Data Types and Sampling

Every piece of statistics work begins with two questions: what kind of data am I dealing with? and where did it come from? Getting these right is the foundation of the whole Statistics strand of OCR GCSE Mathematics (J560). If you misclassify your data or collect it from a biased sample, every average, chart and conclusion that follows will be unreliable. This lesson builds the vocabulary and reasoning you need before you touch a single calculation.

This topic is assessed across both the calculator and non-calculator OCR papers. It is mostly AO1 (knowing the definitions of data types and sampling methods) and AO2 (reasoning about why a sample might be biased and how to fix it). OCR likes short "Describe" and "Give a reason for your answer" questions here, so precise written explanations earn the marks, not just one-word labels.

Key Vocabulary

Term	Meaning
Population	The entire group you want to find out about (for example, every Year 11 student in a school)
Sample	A smaller group chosen from the population to represent it
Census	Collecting data from every member of the population
Primary data	Data you collect yourself, first-hand
Secondary data	Data collected by someone else that you reuse
Qualitative data	Non-numerical data describing a quality or category
Quantitative data	Numerical data that is counted or measured
Discrete data	Quantitative data taking only separate, fixed values (you count it)
Continuous data	Quantitative data taking any value in a range (you measure it)
Bias	When a sample does not fairly represent the population
Random sample	A sample where every member has an equal chance of selection
Stratified sample [H]	A sample taken in proportion from each group (stratum) of the population

Types of Data

The first split is between qualitative and quantitative data.

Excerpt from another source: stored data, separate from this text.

(* A finite groupoid on the carrier G : finType, given by domain d, range r,
   inverse inv and a multiplication mul (total function, only meaningful
   when d g = r h, i.e. when gh is defined). *)
Definition is_groupoid (G : finType) (d r inv : G -> G) (mul : G -> G -> G) : Prop :=
  (forall g h, d g = r h -> d (mul g h) = d h /\ r (mul g h) = r g) /\
      (forall g h k, d g = r h -> d h = r k -> mul (mul g h) k = mul g (mul h k)) /\
      (forall g, d (d g) = d g /\ r (d g) = d g /\ d (r g) = r g /\ r (r g) = r g) /\
      (forall g, mul (r g) g = g /\ mul g (d g) = g) /\
      (forall g, d (inv g) = r g /\ r (inv g) = d g) /\
      (forall g, mul g (inv g) = r g /\ mul (inv g) g = d g).

Definition gid (G : finType) (d : G -> G) : {set G} := [set e | d e == e].

Definition subgroupoid (G : finType) (d r inv : G -> G) (mul : G -> G -> G)
    (H : {set G}) : Prop :=
  [/\ H != set0,
      (forall h, h \in H -> inv h \in H) &
      (forall g h, g \in H -> h \in H -> d g = r h -> mul g h \in H)].

Definition wide_subgroupoid (G : finType) (d r inv : G -> G) (mul : G -> G -> G)
    (H : {set G}) : Prop :=
  subgroupoid d r inv mul H /\ gid d \subset H.

Definition is_ideal (R : pzRingType) (E : R -> Prop) : Prop :=
  [/\ E 0, (forall x y, E x -> E y -> E (x - y)) &
      (forall a x, E x -> E (a * x) /\ E (x * a))].

(* unital action beta = ({E_g}, {beta_g}) of the groupoid on the K-algebra R,
   with 1_g = one g the identity of E_g, and R = (+)_{e in G_0} E_e *)
Definition unital_action (K : comPzRingType) (R : algType K) (G : finType)
    (d r inv : G -> G) (mul : G -> G -> G)
    (E : G -> R -> Prop) (one : G -> R) (beta : G -> R -> R) : Prop :=
  (forall g x, E g x <-> E (r g) x) /\
      (forall g, is_ideal (E g)) /\
      (forall g, E g (one g) /\ forall x, E g x -> one g * x = x /\ x * one g = x) /\
      (forall g,
         (forall x, E (inv g) x -> E g (beta g x)) /\
         (forall x y, E (inv g) x -> E (inv g) y -> beta g (x + y) = beta g x + beta g y) /\
         (forall x y, E (inv g) x -> E (inv g) y -> beta g (x * y) = beta g x * beta g y) /\
         (forall (k : K) x, E (inv g) x -> beta g (k *: x) = k *: beta g x) /\
         (forall x y, E (inv g) x -> E (inv g) y -> beta g x = beta g y -> x = y) /\
         (forall y, E g y -> exists2 x, E (inv g) x & beta g x = y)) /\
      (forall e x, e \in gid d -> E e x -> beta e x = x) /\
      (forall g h x, d g = r h -> E (inv h) x -> beta g (beta h x) = beta (mul g h) x) /\
      ((forall x : R, exists f : G -> R,
          (forall e, e \in gid d -> E e (f e)) /\ x = \sum_(e in gid d) f e) /\
       (forall f : G -> R, (forall e, e \in gid d -> E e (f e)) ->
          \sum_(e in gid d) f e = 0 -> forall e, e \in gid d -> f e = 0)).

Definition galois_ext (K : comPzRingType) (R : algType K) (G : finType)
    (d inv : G -> G) (one : G -> R) (beta : G -> R -> R) : Prop :=
  exists m (x y : 'I_m -> R), forall g,
    \sum_(i < m) x i * beta g (y i * one (inv g)) =
      (if g \in gid d then one g else 0).

Definition fixed_ring (K : comPzRingType) (R : algType K) (G : finType)
    (inv : G -> G) (one : G -> R) (beta : G -> R -> R) (H : {set G}) (a : R) : Prop :=
  forall h, h \in H -> beta h (a * one (inv h)) = a * one h.

Definition Jset (K : comPzRingType) (R : algType K) (G : finType)
    (inv : G -> G) (E : G -> R -> Prop) (one : G -> R) (beta : G -> R -> R)
    (g : G) (a : R) : Prop :=
  E g a /\ forall x : R, a * beta g (x * one (inv g)) = x * a.

From mathcomp Require Import all_boot all_algebra.
Set Implicit Arguments. Unset Strict Implicit. Unset Printing Implicit Defensive.
Import GRing.Theory.
Local Open Scope ring_scope.

(* For a subgroupoid S let tr_S(z) = sum_(h in S) beta_h(z 1_(h^-1)) be the
   partial trace; reindexing the sum along left translation by h' in S shows
   that tr_S(z) lies in R^(beta_S).  Let (x_i, y_i) be a Galois coordinate
   system and c_i = tr_S(y_i).  If S is wide, sum_i x_i c_i = sum_(e in G_0) 1_e
   = 1; if l is not in S, then sum_i beta_l(x_i 1_(l^-1)) c_i = 0, because each
   term beta_l(..) beta_h(..) is beta_l of a Galois sum at l^-1 h, which is not
   an identity.  Now if R^(beta_S) is contained in R^(beta_T) and l in T \ S,
   every c_i is fixed by beta_l, and for a in J_l the defining relation of J_l
   gives a = a (sum_i beta_l(x_i 1_(l^-1)) c_i) 1_l = 0.  Hence T is contained
   in S, and applying this in both directions yields H = L. *)

Section Groupoid.
Variables (G : finType) (d r inv : G -> G) (mul : G -> G -> G).
Hypothesis groupoidG : is_groupoid d r inv mul.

Qualitative (also called categorical) data describes a quality or category and is not a number. Examples: favourite subject, eye colour, type of pet, method of travel to school.
Quantitative data is numerical — it has been counted or measured. Examples: number of texts sent, height in centimetres, time to run 100 m.

Quantitative data then splits again into discrete and continuous:

Discrete data can only take separate, fixed values. You count it. The number of goals a team scores can be 0, 1, 2, 3, … but never 2.4. Shoe size (4, 4.5, 5, 5.5, …) is also discrete — even though it includes halves, the values jump in fixed steps.
Continuous data can take any value within a range. You measure it, and with a finer instrument you always get more decimal places. Height, mass, temperature and time are all continuous: a height could be 162.3 cm, 162.34 cm, and so on.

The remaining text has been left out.